(WHAT YOU NEED TO DO) Return only the stretch of the material below that begins with the line containing "have p_closed : closed" and ends with the line containing "rewrite cross0 cards0", exactly; both of those lines belong to it.

(EXTRACTED ENTRIES)
(* Let $n,g,k$ be integers with $1\leq g\leq \left\lfloor \frac{n-k-2}{2}\right\rfloor$ and $1\leq k\leq n-2g-2$. Let $s(n,k)=\min\{|E(G)| : G\in\mathscr{G}(n,k)\}$, where $\mathscr{G}(n,k)$ is the set of all connected graphs of order $n$ with $g$-good-neighbor connectivity $\kappa^g(G)=k$. Then: (1) if $g=1$, then $s(n,k)=n-1$; (2) if $n-k$ is even and $g\geq 2$, then $s(n,k)=\frac{(n-k)g}{2}+k+1$; (3) if $n-k$ is odd and $g\geq 2$, then $s(n,k)=\frac{(n-k)g+1}{2}+k+1$.
   Context: For a connected graph $G=(V,E)$ and integer $g\ge0$: a set $F\subseteq V$ is a $g$-good-neighbor faulty set if $|N(v)\cap (V-F)|\geq g$ for every $v\in V-F$; a $g$-good-neighbor cut is such an $F$ with $G-F$ disconnected; $\kappa^g(G)$ is the minimum cardinality of a $g$-good-neighbor cut (defined only when such a cut exists). *)

From mathcomp Require Import all_boot.
Set Implicit Arguments. Unset Strict Implicit. Unset Printing Implicit Defensive.

Definition simple_graph (T : finType) (e : rel T) : Prop :=
  symmetric e /\ irreflexive e.

Definition nedges (n : nat) (e : rel 'I_n) : nat :=
  #|[set p : 'I_n * 'I_n | (p.1 < p.2)%N && e p.1 p.2]|.

Definition del_rel (T : finType) (e : rel T) (F : {set T}) : rel T :=
  [rel x y | [&& x \notin F, y \notin F & e x y]].

Definition gconnected (T : finType) (e : rel T) : Prop :=
  forall x y : T, connect e x y.

Definition del_connected (T : finType) (e : rel T) (F : {set T}) : Prop :=
  forall x y : T, x \notin F -> y \notin F -> connect (del_rel e F) x y.

Definition good_neighbor_faulty (T : finType) (e : rel T) (g : nat)
  (F : {set T}) : Prop :=
  forall v : T, v \notin F -> (g <= #|[set u | e v u & u \notin F]|)%N.

Definition good_neighbor_cut (T : finType) (e : rel T) (g : nat)
  (F : {set T}) : Prop :=
  good_neighbor_faulty e g F /\ ~ del_connected e F.

Definition gn_connectivity_eq (T : finType) (e : rel T) (g k : nat) : Prop :=
  (exists F : {set T}, good_neighbor_cut e g F /\ #|F| = k) /\
  (forall F : {set T}, good_neighbor_cut e g F -> (k <= #|F|)%N).

Definition in_class (n : nat) (g k : nat) (e : rel 'I_n) : Prop :=
  simple_graph e /\ gconnected e /\ gn_connectivity_eq e g k.

Definition min_edges_is (n g k m : nat) : Prop :=
  (exists e : rel 'I_n, @in_class n g k e /\ nedges e = m) /\
  (forall e : rel 'I_n, @in_class n g k e -> (m <= nedges e)%N).

From mathcomp Require Import all_boot zify.
Set Implicit Arguments. Unset Strict Implicit. Unset Printing Implicit Defensive.

(* Lower bound: if F is a g-good-neighbor cut with |F| = k, every vertex of G - F keeps
   at least g neighbours, so G - F has at least ((n - k) g + 1) / 2 edges; contracting each
   component of G - F and keeping the vertices of F leaves a connected graph on at least
   k + 2 points, so at least k + 1 further edges meet F.  For g = 1 the spanning-tree
   bound n - 1 is stronger.
   Upper bound: a hub with k - 1 pendant vertices, joined to the roots of two disjoint
   blocks on g + 1 and n - k - g - 1 vertices, each a circulant of minimum degree g with
   the fewest possible edges (a star when g = 1).  The hub and the pendants form a
   g-good-neighbor cut of size k.  Any g-good-neighbor cut contains the hub, because a
   non-root block vertex has fewer than g higher neighbours and can therefore always step
   down towards its root inside G - F; it then contains the pendants, whose only
   neighbour is the hub. *)

Lemma card_le_size (T : finType) (U : eqType) (f : T -> U) (A : {set T}) (s : seq U) :
  injective f -> {in A, forall x, f x \in s} -> #|A| <= size s.
Proof.
move=> f_inj fAs; rewrite cardE -(size_map f); apply: uniq_leq_size.
  by rewrite map_inj_uniq // enum_uniq.
by move=> y /mapP [x]; rewrite mem_enum => /fAs + ->.
Qed.

Lemma size_le_card n (A : {set 'I_n}) (s : seq nat) :
  uniq s -> {in s, forall w, exists2 x : 'I_n, x \in A & val x = w} -> size s <= #|A|.
Proof.
move=> s_uniq sA; rewrite cardE -(size_map val); apply: uniq_leq_size => // w /sA [x xA <-].
by rewrite map_f ?mem_enum.
Qed.

Lemma count_le_size (T : eqType) (p : pred T) (t s : seq T) :
  uniq t -> {in t, forall x, p x -> x \in s} -> count p t <= size s.
Proof.
move=> t_uniq pts; rewrite -size_filter; apply: uniq_leq_size (filter_uniq _ t_uniq) _.
by move=> x; rewrite mem_filter => /andP [px xt]; exact: pts.
Qed.

Lemma size_le_count (T : eqType) (p : pred T) (t s : seq T) :
  uniq s -> {in s, forall x, p x && (x \in t)} -> size s <= count p t.
Proof.
by move=> s_uniq spt; rewrite -size_filter; apply: uniq_leq_size => // x /spt; rewrite mem_filter.
Qed.

Lemma count_iotaD (p : pred nat) a b :
  count p (iota 0 (a + b)) = count p (iota 0 a) + count (fun j => p (a + j)) (iota 0 b).
Proof.
by rewrite iotaD count_cat; have := iotaDl a 0 b; rewrite addn0 => ->; rewrite count_map.
Qed.

Definition edge_set n (e : rel 'I_n) := [set q : 'I_n * 'I_n | (q.1 < q.2) && e q.1 q.2].

Definition cross_edges n (e : rel 'I_n) (aT : eqType) (p : 'I_n -> aT) :=
  [set q in edge_set e | p q.1 != p q.2].

Lemma cross_edges0_eq n (e : rel 'I_n) (aT : eqType) (p : 'I_n -> aT) :
  symmetric e -> cross_edges e p = set0 -> forall u v, e u v -> p u = p v.
Proof.
move=> esym cross0 u v euv; apply/eqP/negPn/negP => puv.
have [uv | vu | /val_inj uv] := ltngtP u v; last by rewrite uv eqxx in puv.
- by have := in_set0 (u, v); rewrite -cross0 !inE /= uv euv puv.
- by have := in_set0 (v, u); rewrite -cross0 !inE /= vu esym euv eq_sym puv.
Qed.

Lemma card_imset_le_cross_edges n (e : rel 'I_n) (aT : finType) (p : 'I_n -> aT) :
  symmetric e -> gconnected e -> #|p @: setT| <= #|cross_edges e p|.+1.
Proof.
move=> esym econ; move Hs : #|p @: setT| => s.
elim: s p Hs => [//|s IH] p Hs.
have [cross0 | [[x y] xy_cross]] := set_0Vmem (cross_edges e p).
  have p_const u v : p u = p v.
    have p_closed : closed e [pred w | p u == p w].
      by move=> w z /(cross_edges0_eq esym cross0) pwz; rewrite !inE pwz.
    apply/eqP; rewrite -[_ == _]/(v \in [pred w | p u == p w]).
    by rewrite -(closed_connect p_closed (econ u v)) inE.
  rewrite cross0 cards0 -Hs; apply/card_le1P => _ /imsetP [x _ ->] w; rewrite inE.
  by apply/imsetP/eqP => [[z _ ->] | ->]; [exact: p_const | exists x].
(* Merging the class of [y] into that of [x] loses one class and at least one crossing edge. *)
pose p' z := if p z == p y then p x else p z.
have img' : p' @: setT = (p @: setT) :\ p y.
  apply/setP => w; rewrite in_setD1; apply/imsetP/andP => [[z _ ->] | [wy /imsetP [z _ wz]]].
    rewrite /p'; case: ifP => [_ | /negbT pzy]; last by rewrite pzy imset_f.
    by move: xy_cross; rewrite !inE => /andP [_ ->]; rewrite imset_f.
  by exists z => //; rewrite /p' -wz (negbTE wy).
have card' : #|p' @: setT| = s.
  by move: Hs; rewrite img' (cardsD1 (p y)) imset_f // => -[].
have cross' : cross_edges e p' \proper cross_edges e p.
  apply/properP; split; last first.
    by exists (x, y) => //; rewrite !inE /p' /= eqxx; case: ifP; rewrite eqxx !andbF.
  apply/subsetP => q; rewrite !inE => /andP [-> pq] /=; apply: contraNneq pq => pq.
  by rewrite /p' pq.
by have := IH _ card'; have := proper_card cross'; lia.
Qed.

Lemma nedges_ge_connected n (e : rel 'I_n) : symmetric e -> gconnected e -> n - 1 <= nedges e.
Proof.
move=> esym econ; rewrite leq_subLR add1n.
have := card_imset_le_cross_edges id esym econ; rewrite imset_id cardsT card_ord.
by move=> /leq_trans; apply; rewrite ltnS; apply/subset_leq_card/subsetP => q /setIdP [].
Qed.

Lemma double_nedges n (e : rel 'I_n) : simple_graph e ->
  2 * nedges e = \sum_x #|[set y | e x y]|.
Proof.
case=> esym eirr.
have -> : \sum_x #|[set y | e x y]| = #|[set q : 'I_n * 'I_n | e q.1 q.2]|.
  rewrite -sum1_card (eq_bigl (fun q : 'I_n * 'I_n => true && e q.1 q.2)) => [|q]; last first.
    by rewrite inE.
  rewrite -(pair_big_dep xpredT (fun i j => e i j) (fun _ _ => 1)).
  by apply: eq_bigr => x _; rewrite -sum1_card; apply: eq_bigl => y; rewrite inE.
rewrite -(cardsID [set q : 'I_n * 'I_n | q.1 < q.2]) /nedges -/(edge_set e).
have -> : [set q : 'I_n * 'I_n | e q.1 q.2] :&: [set q : 'I_n * 'I_n | q.1 < q.2] = edge_set e.
  by apply/setP => q; rewrite !inE andbC.
have -> : [set q : 'I_n * 'I_n | e q.1 q.2] :\: [set q : 'I_n * 'I_n | q.1 < q.2] =
          (fun q : 'I_n * 'I_n => (q.2, q.1)) @: edge_set e.
  apply/setP => -[a b]; rewrite !inE /=; apply/andP/imsetP => [[ba eab] | [[c d]]].
    exists (b, a); rewrite // inE /= esym eab andbT ltn_neqAle leqNgt ba andbT.
    by apply: contraTneq eab => /val_inj ->; rewrite eirr.
  by rewrite inE /= => /andP [cd ecd] [-> ->]; rewrite -leqNgt ltnW // esym.
by rewrite card_imset ?mul2n ?addnn // => -[a b] [c d] [-> ->].
Qed.

Lemma del_rel_simple (T : finType) (e : rel T) F : simple_graph e -> simple_graph (del_rel e F).
Proof.
case=> esym eirr; split => [u v | u]; last by rewrite /del_rel /= eirr !andbF.
by rewrite /del_rel /= esym andbCA.
Qed.

Lemma nedges_del_ge_faulty n (e : rel 'I_n) g F : simple_graph e ->
  good_neighbor_faulty e g F -> (n - #|F|) * g <= 2 * nedges (del_rel e F).
Proof.
move=> e_simple F_good; rewrite (double_nedges (del_rel_simple F e_simple)).
rewrite (bigID (mem F)) /= -[X in X <= _]addn0 addnC leq_add //.
have -> : n - #|F| = #|~: F| by have := cardsC F; rewrite card_ord; lia.
rewrite -sum_nat_const (eq_bigl (fun x => x \notin F)) => [|x]; last by rewrite inE.
apply: leq_sum => x xF.
apply: leq_trans (F_good x xF) (subset_leq_card _); apply/subsetP => y.
by rewrite !inE /del_rel /= xF => /andP [-> ->].
Qed.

(RESPONSE TO THIS TASK)
    have p_closed : closed e [pred w | p u == p w].
      by move=> w z /(cross_edges0_eq esym cross0) pwz; rewrite !inE pwz.
    apply/eqP; rewrite -[_ == _]/(v \in [pred w | p u == p w]).
    by rewrite -(closed_connect p_closed (econ u v)) inE.
  rewrite cross0 cards0 -Hs; apply/card_le1P => _ /imsetP [x _ ->] w; rewrite inE.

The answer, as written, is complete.